### EXERCISE BRIEF
All records below are to be set down exactly, each character intact.

### MATERIAL SHOWN
★ ★ ★ ★ ★
(* Let $K$ be a complete non-archimedean field, $R$ a Banach $K$-algebra, and $R_0\subseteq R_1\subseteq\cdots$ a nested collection of complete subrings of $R$ such that $\bigcup_hR_h$ is dense in $R$. Let $s_1,\dots,s_N\in R\langle\theta_1,\dots,\theta_n\rangle$. For every $\varepsilon>0$ there exist an integer $h$ and elements $\tilde s_1,\dots,\tilde s_N\in R_h\langle\theta_1,\dots,\theta_n\rangle$ such that: (1) $|s_\alpha-\tilde s_\alpha|<\varepsilon$ for each $\alpha$; (2) for all $\alpha,\beta\in\{1,\dots,N\}$ and $k\in\{1,\dots,n\}$ with $s_\alpha|_{\theta_k=0}=s_\beta|_{\theta_k=0}$ one has $\tilde s_\alpha|_{\theta_k=0}=\tilde s_\beta|_{\theta_k=0}$; (3) for all $\alpha,\beta$ and $k$ with $s_\alpha|_{\theta_k=1}=s_\beta|_{\theta_k=1}$ one has $\tilde s_\alpha|_{\theta_k=1}=\tilde s_\beta|_{\theta_k=1}$; (4) for every $\alpha$, if $s_\alpha|_{\theta_1=1}\in R_{h'}\langle\theta_1,\dots,\theta_n\rangle$ for some $h'$, then $\tilde s_\alpha|_{\theta_1=1}=s_\alpha|_{\theta_1=1}$.
   Context: $R\langle\theta_1,\dots,\theta_n\rangle$ is the ring of strictly convergent power series over $R$ with the Gauss norm $|\sum a_I\theta^I|=\max_I\|a_I\|$, and $R_h\langle\theta\rangle$ is the corresponding subring. $s|_{\theta_k=\epsilon}$ denotes the image of $s$ under the substitution $\theta_k=\epsilon$. *)

From HB Require Import structures.
From mathcomp Require Import all_boot all_order all_algebra.
From mathcomp Require Import classical_sets reals.
From Stdlib Require Import ClassicalEpsilon.
Set Implicit Arguments. Unset Strict Implicit. Unset Printing Implicit Defensive.
Import Order.TTheory GRing.Theory Num.Theory.
Local Open Scope ring_scope.
Local Open Scope classical_set_scope.

Section Defs.
Variable Rr : realType.

Definition cauchy_seq (V : zmodType) (nrm : V -> Rr) (u : nat -> V) : Prop :=
  forall eps : Rr, 0 < eps -> exists M : nat,
    forall m p : nat, (M <= m)%N -> (M <= p)%N -> nrm (u m - u p) < eps.

Definition converges_to (V : zmodType) (nrm : V -> Rr) (u : nat -> V) (l : V) : Prop :=
  forall eps : Rr, 0 < eps -> exists M : nat,
    forall m : nat, (M <= m)%N -> nrm (u m - l) < eps.

Definition complete_wrt (V : zmodType) (nrm : V -> Rr) : Prop :=
  forall u : nat -> V, cauchy_seq nrm u -> exists l, converges_to nrm u l.

Definition nonarch_complete_field (K : fieldType) (absK : K -> Rr) : Prop :=
  [/\ forall x, 0 <= absK x,
      forall x, absK x = 0 <-> x = 0,
      forall x y, absK (x * y) = absK x * absK y,
      forall x y, absK (x + y) <= Num.max (absK x) (absK y)
    & complete_wrt absK].

Definition banach_algebra (K : fieldType) (absK : K -> Rr) (R : algType K)
    (normR : R -> Rr) : Prop :=
  (forall x, 0 <= normR x) /\
  [/\ forall x, normR x = 0 <-> x = 0,
      forall x y, normR (x + y) <= Num.max (normR x) (normR y),
      forall x y, normR (x * y) <= normR x * normR y,
      forall (c : K) x, normR (c *: x) = absK c * normR x
    & complete_wrt normR].

Definition complete_subring (R : nzRingType) (normR : R -> Rr) (P : {pred R}) : Prop :=
  [/\ 1 \in P,
      forall x y, x \in P -> y \in P -> x - y \in P,
      forall x y, x \in P -> y \in P -> x * y \in P
    & forall u : nat -> R, (forall m, u m \in P) -> cauchy_seq normR u ->
        exists2 l, l \in P & converges_to normR u l].

Definition nested (R : Type) (Rsub : nat -> {pred R}) : Prop :=
  forall h : nat, {subset Rsub h <= Rsub h.+1}.

Definition dense_union (R : zmodType) (normR : R -> Rr) (Rsub : nat -> {pred R}) : Prop :=
  forall (x : R) (eps : Rr), 0 < eps -> exists h : nat, exists2 y, y \in Rsub h & normR (x - y) < eps.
★ ★ ★ ★ ★
### ANSWER SECTION
(* Let $K$ be a complete non-archimedean field, $R$ a Banach $K$-algebra, and $R_0\subseteq R_1\subseteq\cdots$ a nested collection of complete subrings of $R$ such that $\bigcup_hR_h$ is dense in $R$. Let $s_1,\dots,s_N\in R\langle\theta_1,\dots,\theta_n\rangle$. For every $\varepsilon>0$ there exist an integer $h$ and elements $\tilde s_1,\dots,\tilde s_N\in R_h\langle\theta_1,\dots,\theta_n\rangle$ such that: (1) $|s_\alpha-\tilde s_\alpha|<\varepsilon$ for each $\alpha$; (2) for all $\alpha,\beta\in\{1,\dots,N\}$ and $k\in\{1,\dots,n\}$ with $s_\alpha|_{\theta_k=0}=s_\beta|_{\theta_k=0}$ one has $\tilde s_\alpha|_{\theta_k=0}=\tilde s_\beta|_{\theta_k=0}$; (3) for all $\alpha,\beta$ and $k$ with $s_\alpha|_{\theta_k=1}=s_\beta|_{\theta_k=1}$ one has $\tilde s_\alpha|_{\theta_k=1}=\tilde s_\beta|_{\theta_k=1}$; (4) for every $\alpha$, if $s_\alpha|_{\theta_1=1}\in R_{h'}\langle\theta_1,\dots,\theta_n\rangle$ for some $h'$, then $\tilde s_\alpha|_{\theta_1=1}=s_\alpha|_{\theta_1=1}$.
   Context: $R\langle\theta_1,\dots,\theta_n\rangle$ is the ring of strictly convergent power series over $R$ with the Gauss norm $|\sum a_I\theta^I|=\max_I\|a_I\|$, and $R_h\langle\theta\rangle$ is the corresponding subring. $s|_{\theta_k=\epsilon}$ denotes the image of $s$ under the substitution $\theta_k=\epsilon$. *)

From HB Require Import structures.
From mathcomp Require Import all_boot all_order all_algebra.
From mathcomp Require Import classical_sets reals.
From Stdlib Require Import ClassicalEpsilon.
Set Implicit Arguments. Unset Strict Implicit. Unset Printing Implicit Defensive.
Import Order.TTheory GRing.Theory Num.Theory.
Local Open Scope ring_scope.
Local Open Scope classical_set_scope.

Section Defs.
Variable Rr : realType.

Definition cauchy_seq (V : zmodType) (nrm : V -> Rr) (u : nat -> V) : Prop :=
  forall eps : Rr, 0 < eps -> exists M : nat,
    forall m p : nat, (M <= m)%N -> (M <= p)%N -> nrm (u m - u p) < eps.

Definition converges_to (V : zmodType) (nrm : V -> Rr) (u : nat -> V) (l : V) : Prop :=
  forall eps : Rr, 0 < eps -> exists M : nat,
    forall m : nat, (M <= m)%N -> nrm (u m - l) < eps.

Definition complete_wrt (V : zmodType) (nrm : V -> Rr) : Prop :=
  forall u : nat -> V, cauchy_seq nrm u -> exists l, converges_to nrm u l.

Definition nonarch_complete_field (K : fieldType) (absK : K -> Rr) : Prop :=
  [/\ forall x, 0 <= absK x,
      forall x, absK x = 0 <-> x = 0,
      forall x y, absK (x * y) = absK x * absK y,
      forall x y, absK (x + y) <= Num.max (absK x) (absK y)
    & complete_wrt absK].

Definition banach_algebra (K : fieldType) (absK : K -> Rr) (R : algType K)
    (normR : R -> Rr) : Prop :=
  (forall x, 0 <= normR x) /\
  [/\ forall x, normR x = 0 <-> x = 0,
      forall x y, normR (x + y) <= Num.max (normR x) (normR y),
      forall x y, normR (x * y) <= normR x * normR y,
      forall (c : K) x, normR (c *: x) = absK c * normR x
    & complete_wrt normR].

Definition complete_subring (R : nzRingType) (normR : R -> Rr) (P : {pred R}) : Prop :=
  [/\ 1 \in P,
      forall x y, x \in P -> y \in P -> x - y \in P,
      forall x y, x \in P -> y \in P -> x * y \in P
    & forall u : nat -> R, (forall m, u m \in P) -> cauchy_seq normR u ->
        exists2 l, l \in P & converges_to normR u l].

Definition nested (R : Type) (Rsub : nat -> {pred R}) : Prop :=
  forall h : nat, {subset Rsub h <= Rsub h.+1}.

Definition dense_union (R : zmodType) (normR : R -> Rr) (Rsub : nat -> {pred R}) : Prop :=
  forall (x : R) (eps : Rr), 0 < eps -> exists h : nat, exists2 y, y \in Rsub h & normR (x - y) < eps.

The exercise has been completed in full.